═════ Records for processing ═════

Lemma cs_coef_kernel (P : nat -> Prop) :
  closed_subspace (fun a => X a /\ forall k, P k -> a k = RtoC 0).
Proof.
  split; [|split; [|split; [|split]]].
  - intros a [Ha _]. auto using cs_inH2.
  - split; [apply cs_zero|reflexivity].
  - intros a b [Ha Za] [Hb Zb]. split; [auto using cs_add|].
    intros k Hk. unfold addS. rewrite Za, Zb by auto. apply C_ext; simpl; ring.
  - intros c a [Ha Za]. split; [auto using cs_scale|].
    intros k Hk. unfold scaleS. rewrite Za by auto. apply C_ext; simpl; ring.
  - intros u a Hu Ha Hl. assert (Hu2 : forall j, inH2 (u j)) by (intros j; apply cs_inH2, Hu).
    assert (Hc : l2_cvg u a) by (apply l2_cvg_h2norm; auto; intros j; apply inH2_sub; auto).
    split; [apply (cs_lim u); auto; apply Hu|].
    intros k Hk. apply (l2_cvg_coef_eq0 u); auto. intros j. apply Hu, Hk.
Qed.

Lemma Mz_bshift a : a O = RtoC 0 -> Mz (bshift a) = a.
Proof. intros H. apply functional_extensionality; intros [|k]; simpl; auto. Qed.

Lemma cs_shift_image : closed_subspace (fun a => a O = RtoC 0 /\ X (bshift a)).
Proof.
  split; [|split; [|split; [|split]]].
  - intros a [Ha0 Ha]. rewrite <- (Mz_bshift a Ha0). apply inH2_Mz, cs_inH2, Ha.
  - split; [reflexivity|]. replace (bshift zeroC) with zeroC by reflexivity. apply cs_zero.
  - intros a b [Ha0 Ha] [Hb0 Hb]. split; [unfold addS; rewrite Ha0, Hb0; apply C_ext; simpl; ring|].
    apply (cs_add _ _ Ha Hb).
  - intros c a [Ha0 Ha]. split; [unfold scaleS; rewrite Ha0; apply C_ext; simpl; ring|].
    apply (cs_scale c _ Ha).
  - intros u a Hu Ha Hl.
    assert (Hu2 : forall j, inH2 (u j)).
    { intros j. rewrite <- (Mz_bshift (u j)) by apply Hu. apply inH2_Mz, cs_inH2, Hu. }
    assert (Hc : l2_cvg u a) by (apply l2_cvg_h2norm; auto; intros j; apply inH2_sub; auto).
    split; [apply (l2_cvg_coef_eq0 u); auto; intros j; apply Hu|].
    apply (cs_lim (fun j => bshift (u j))); [intros j; apply Hu|apply inH2_bshift; auto|].
    apply (is_lim_seq_le_le (fun _ => 0) _ (fun j => norm2 (subS (u j) a))); [|apply is_lim_seq_const|exact Hc].
    intros j. assert (Hd := inH2_sub _ _ (Hu2 j) Ha).
    change (subS (bshift (u j)) (bshift a)) with (bshift (subS (u j) a)). split; [apply norm2_nonneg, inH2_bshift, Hd|].
    unfold norm2. rewrite (Series_incr_1 (abs2 (subS (u j) a))) by exact Hd.
    change (Series (abs2 (bshift (subS (u j) a)))) with (Series (fun k => abs2 (subS (u j) a) (S k))).
    pose proof (abs2_nonneg (subS (u j) a) 0). lra.
Qed.

End ClosedSubspace.

Lemma dim_one_orth_coef_kernel X m e : closed_subspace X -> X e -> e m = RtoC 1 ->
  dim_one (fun u => X u /\ forall w, X w -> w m = RtoC 0 -> orth u w).
Proof.
  intros HX Xe em. pose proof (cs_inH2 X HX) as XH. pose proof (cs_imul X HX) as Xi.
  set (K := fun a => X a /\ forall k, k = m -> a k = RtoC 0).
  destruct (orth_projection K (cs_coef_kernel X HX _) e (cs_inH2 X HX _ Xe)) as [p [[Xp Zp] Hort]].
  assert (HK : forall w, X w -> w m = RtoC 0 -> K w) by (intros w Xw Hw; split; auto; intros k ->; auto).
  set (f := subS e p).
  assert (Xf : X f) by (apply (cs_sub X HX); auto).
  assert (fm : f m = RtoC 1) by (unfold f, subS; rewrite em, (Zp m eq_refl); ring).
  assert (Of : forall w, X w -> w m = RtoC 0 -> orth f w).
  { intros w Xw Hw. apply orth_rinner. split; apply Hort, HK; auto.
    unfold imul, scaleS. rewrite Hw. ring. }
  exists f. split; [split; auto|split].
  - intros E. assert (Hk := f_equal (fun v => v m) E). simpl in Hk. rewrite fm in Hk.
    injection Hk as H1. lra.
  - intros u [Xu Ou]. exists (u m).
    set (v := subS u (scaleS (u m) f)).
    assert (Xv : X v) by (apply (cs_sub X HX), (cs_scale X HX); auto).
    assert (vm : v m = RtoC 0) by (unfold v, subS, scaleS; rewrite fm; ring).
    destruct (proj1 (orth_rinner u v) (Ou v Xv vm)) as [O1 _].
    destruct (proj1 (orth_rinner f v) (Of v Xv vm)) as [O2 O3].
    assert (Hv : norm2 v <= 0).
    { rewrite <- rinner_self. unfold v at 1.
      rewrite rinner_sub_l, rinner_scale_l, rinner_imul_l, O1, O2, O3; auto using inH2_scale.
      lra. }
    apply subS_eq0, norm2_eq0; auto using inH2_sub, inH2_scale.
Qed.

Lemma dim_one_ext (W W' : seqC -> Prop) : (forall u, W u <-> W' u) -> dim_one W' -> dim_one W.
Proof.
  intros E [v [Wv [Hv Hall]]]. exists v. repeat split; auto.
  - apply E, Wv.
  - intros u Wu. apply Hall, E, Wu.
Qed.

(** * Bessel's inequality and shifted orthonormal families *)

Fixpoint orthonormal (L : list seqC) : Prop :=
  match L with
  | [] => True
  | a :: L' => inH2 a /\ norm2 a = 1 /\ (forall b, In b L' -> rinner a b = 0) /\ orthonormal L'
  end.

Definition sumL (f : seqC -> R) (L : list seqC) : R := fold_right (fun a acc => f a + acc) 0 L.

Definition fourier_sum (x : seqC) (L : list seqC) : seqC :=
  fold_right (fun b acc => addS (scaleS (RtoC (rinner b x)) b) acc) zeroC L.

Lemma inH2_fourier_sum x L : orthonormal L -> inH2 (fourier_sum x L).
Proof.
  induction L as [|b L IH]; simpl; intros H; [apply inH2_zero|].
  destruct H as [H1 [_ [_ H4]]]. auto using inH2_add, inH2_scale.
Qed.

═════

What you have to do: Every line in the listing above that mentions "scaleS" should be returned.

Answer to this exercise:
    intros k Hk. unfold scaleS. rewrite Za by auto. apply C_ext; simpl; ring.
  - intros c a [Ha0 Ha]. split; [unfold scaleS; rewrite Ha0; apply C_ext; simpl; ring|].
    unfold imul, scaleS. rewrite Hw. ring. }
    set (v := subS u (scaleS (u m) f)).
    assert (vm : v m = RtoC 0) by (unfold v, subS, scaleS; rewrite fm; ring).
  fold_right (fun b acc => addS (scaleS (RtoC (rinner b x)) b) acc) zeroC L.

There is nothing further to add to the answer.